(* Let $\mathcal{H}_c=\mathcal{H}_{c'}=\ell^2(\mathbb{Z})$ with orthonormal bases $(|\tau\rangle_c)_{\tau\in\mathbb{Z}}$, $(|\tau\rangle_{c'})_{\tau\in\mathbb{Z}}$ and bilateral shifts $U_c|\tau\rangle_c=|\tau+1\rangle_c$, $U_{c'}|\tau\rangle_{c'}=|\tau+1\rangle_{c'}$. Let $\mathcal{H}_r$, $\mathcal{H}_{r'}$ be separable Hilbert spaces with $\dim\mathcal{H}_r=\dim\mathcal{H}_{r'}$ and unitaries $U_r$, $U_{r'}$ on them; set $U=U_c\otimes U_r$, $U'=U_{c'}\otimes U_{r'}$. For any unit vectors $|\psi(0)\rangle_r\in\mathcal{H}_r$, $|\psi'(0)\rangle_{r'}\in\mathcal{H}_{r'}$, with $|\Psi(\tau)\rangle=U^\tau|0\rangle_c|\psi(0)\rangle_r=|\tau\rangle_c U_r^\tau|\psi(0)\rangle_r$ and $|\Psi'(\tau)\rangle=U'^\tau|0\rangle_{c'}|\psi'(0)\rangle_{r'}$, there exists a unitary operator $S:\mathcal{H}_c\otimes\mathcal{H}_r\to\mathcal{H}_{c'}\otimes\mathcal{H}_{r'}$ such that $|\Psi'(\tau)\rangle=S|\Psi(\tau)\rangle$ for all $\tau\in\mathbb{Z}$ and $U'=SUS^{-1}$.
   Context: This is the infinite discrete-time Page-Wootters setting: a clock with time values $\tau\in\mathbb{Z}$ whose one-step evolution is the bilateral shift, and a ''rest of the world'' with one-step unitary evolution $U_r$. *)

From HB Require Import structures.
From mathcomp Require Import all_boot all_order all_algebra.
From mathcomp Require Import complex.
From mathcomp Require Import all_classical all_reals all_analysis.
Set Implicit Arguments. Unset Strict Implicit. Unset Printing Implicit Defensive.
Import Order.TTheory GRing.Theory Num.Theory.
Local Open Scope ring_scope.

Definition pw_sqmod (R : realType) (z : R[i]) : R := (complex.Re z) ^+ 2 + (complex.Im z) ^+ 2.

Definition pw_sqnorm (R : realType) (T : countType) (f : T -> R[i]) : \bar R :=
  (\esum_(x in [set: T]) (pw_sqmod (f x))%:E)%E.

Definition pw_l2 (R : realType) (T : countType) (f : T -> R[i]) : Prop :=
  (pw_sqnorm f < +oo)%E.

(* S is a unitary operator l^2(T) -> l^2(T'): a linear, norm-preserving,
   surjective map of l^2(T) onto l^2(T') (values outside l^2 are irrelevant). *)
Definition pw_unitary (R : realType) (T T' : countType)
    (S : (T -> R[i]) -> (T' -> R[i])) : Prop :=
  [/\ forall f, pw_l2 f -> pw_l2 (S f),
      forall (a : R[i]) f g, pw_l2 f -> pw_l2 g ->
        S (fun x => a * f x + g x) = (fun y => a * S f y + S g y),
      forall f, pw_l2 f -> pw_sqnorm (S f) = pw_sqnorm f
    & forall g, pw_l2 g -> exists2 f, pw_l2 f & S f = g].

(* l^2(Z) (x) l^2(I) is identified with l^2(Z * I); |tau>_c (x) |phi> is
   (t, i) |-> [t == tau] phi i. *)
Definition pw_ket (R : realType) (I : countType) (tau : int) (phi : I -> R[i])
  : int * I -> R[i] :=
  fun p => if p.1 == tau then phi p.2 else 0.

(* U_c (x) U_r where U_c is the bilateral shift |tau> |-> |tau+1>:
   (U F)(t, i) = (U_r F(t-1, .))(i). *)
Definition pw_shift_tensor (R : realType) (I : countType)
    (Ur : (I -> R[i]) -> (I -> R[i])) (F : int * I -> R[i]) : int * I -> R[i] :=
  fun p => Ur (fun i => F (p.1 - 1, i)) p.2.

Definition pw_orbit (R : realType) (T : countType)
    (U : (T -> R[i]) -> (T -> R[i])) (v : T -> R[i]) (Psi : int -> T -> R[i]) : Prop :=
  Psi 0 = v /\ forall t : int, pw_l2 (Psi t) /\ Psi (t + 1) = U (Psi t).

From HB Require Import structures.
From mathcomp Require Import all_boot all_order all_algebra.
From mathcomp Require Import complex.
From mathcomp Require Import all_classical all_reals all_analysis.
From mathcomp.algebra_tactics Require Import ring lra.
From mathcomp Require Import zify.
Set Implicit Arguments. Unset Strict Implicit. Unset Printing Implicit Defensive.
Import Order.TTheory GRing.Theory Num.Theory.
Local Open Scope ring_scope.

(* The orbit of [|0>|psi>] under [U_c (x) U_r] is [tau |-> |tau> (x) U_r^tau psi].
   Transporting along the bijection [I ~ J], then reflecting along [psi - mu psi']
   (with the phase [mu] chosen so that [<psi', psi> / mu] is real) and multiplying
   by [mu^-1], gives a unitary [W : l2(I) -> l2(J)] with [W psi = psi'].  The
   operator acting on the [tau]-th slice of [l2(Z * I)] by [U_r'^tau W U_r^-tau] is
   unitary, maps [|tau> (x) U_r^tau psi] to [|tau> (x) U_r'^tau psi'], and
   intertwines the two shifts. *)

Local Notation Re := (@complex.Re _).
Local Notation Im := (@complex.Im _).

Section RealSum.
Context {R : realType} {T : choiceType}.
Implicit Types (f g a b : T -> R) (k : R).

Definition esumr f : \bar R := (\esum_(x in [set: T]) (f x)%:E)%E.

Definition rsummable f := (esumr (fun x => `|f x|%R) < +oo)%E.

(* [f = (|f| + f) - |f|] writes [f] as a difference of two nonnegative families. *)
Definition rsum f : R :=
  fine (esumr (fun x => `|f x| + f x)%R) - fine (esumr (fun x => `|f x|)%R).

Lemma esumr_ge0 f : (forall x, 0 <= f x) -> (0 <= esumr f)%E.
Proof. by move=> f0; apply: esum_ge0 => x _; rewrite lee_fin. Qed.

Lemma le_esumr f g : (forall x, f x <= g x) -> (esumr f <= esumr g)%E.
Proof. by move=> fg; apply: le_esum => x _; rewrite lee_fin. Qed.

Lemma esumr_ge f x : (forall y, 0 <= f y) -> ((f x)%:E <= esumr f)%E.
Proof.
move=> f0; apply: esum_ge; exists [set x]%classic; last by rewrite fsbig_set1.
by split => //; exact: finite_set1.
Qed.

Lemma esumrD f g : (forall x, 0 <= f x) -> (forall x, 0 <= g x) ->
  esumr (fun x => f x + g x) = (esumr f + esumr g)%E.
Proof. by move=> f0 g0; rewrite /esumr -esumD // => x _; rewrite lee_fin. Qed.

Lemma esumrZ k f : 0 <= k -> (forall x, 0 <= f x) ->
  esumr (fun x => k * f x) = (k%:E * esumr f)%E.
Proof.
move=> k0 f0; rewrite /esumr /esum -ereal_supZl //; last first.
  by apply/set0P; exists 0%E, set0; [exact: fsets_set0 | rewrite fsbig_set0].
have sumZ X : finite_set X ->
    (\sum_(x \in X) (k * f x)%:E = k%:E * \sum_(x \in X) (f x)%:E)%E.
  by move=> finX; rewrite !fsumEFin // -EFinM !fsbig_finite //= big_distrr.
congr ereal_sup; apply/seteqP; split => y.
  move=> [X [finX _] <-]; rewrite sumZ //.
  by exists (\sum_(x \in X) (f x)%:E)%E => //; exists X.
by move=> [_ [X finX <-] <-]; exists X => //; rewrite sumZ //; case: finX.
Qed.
• • •
*Instructions for the task*: Search the entries above for the word "Context" and copy each line where it appears.

*Exercise solution*:
   Context: This is the infinite discrete-time Page-Wootters setting: a clock with time values $\tau\in\mathbb{Z}$ whose one-step evolution is the bilateral shift, and a ''rest of the world'' with one-step unitary evolution $U_r$. *)
Context {R : realType} {T : choiceType}.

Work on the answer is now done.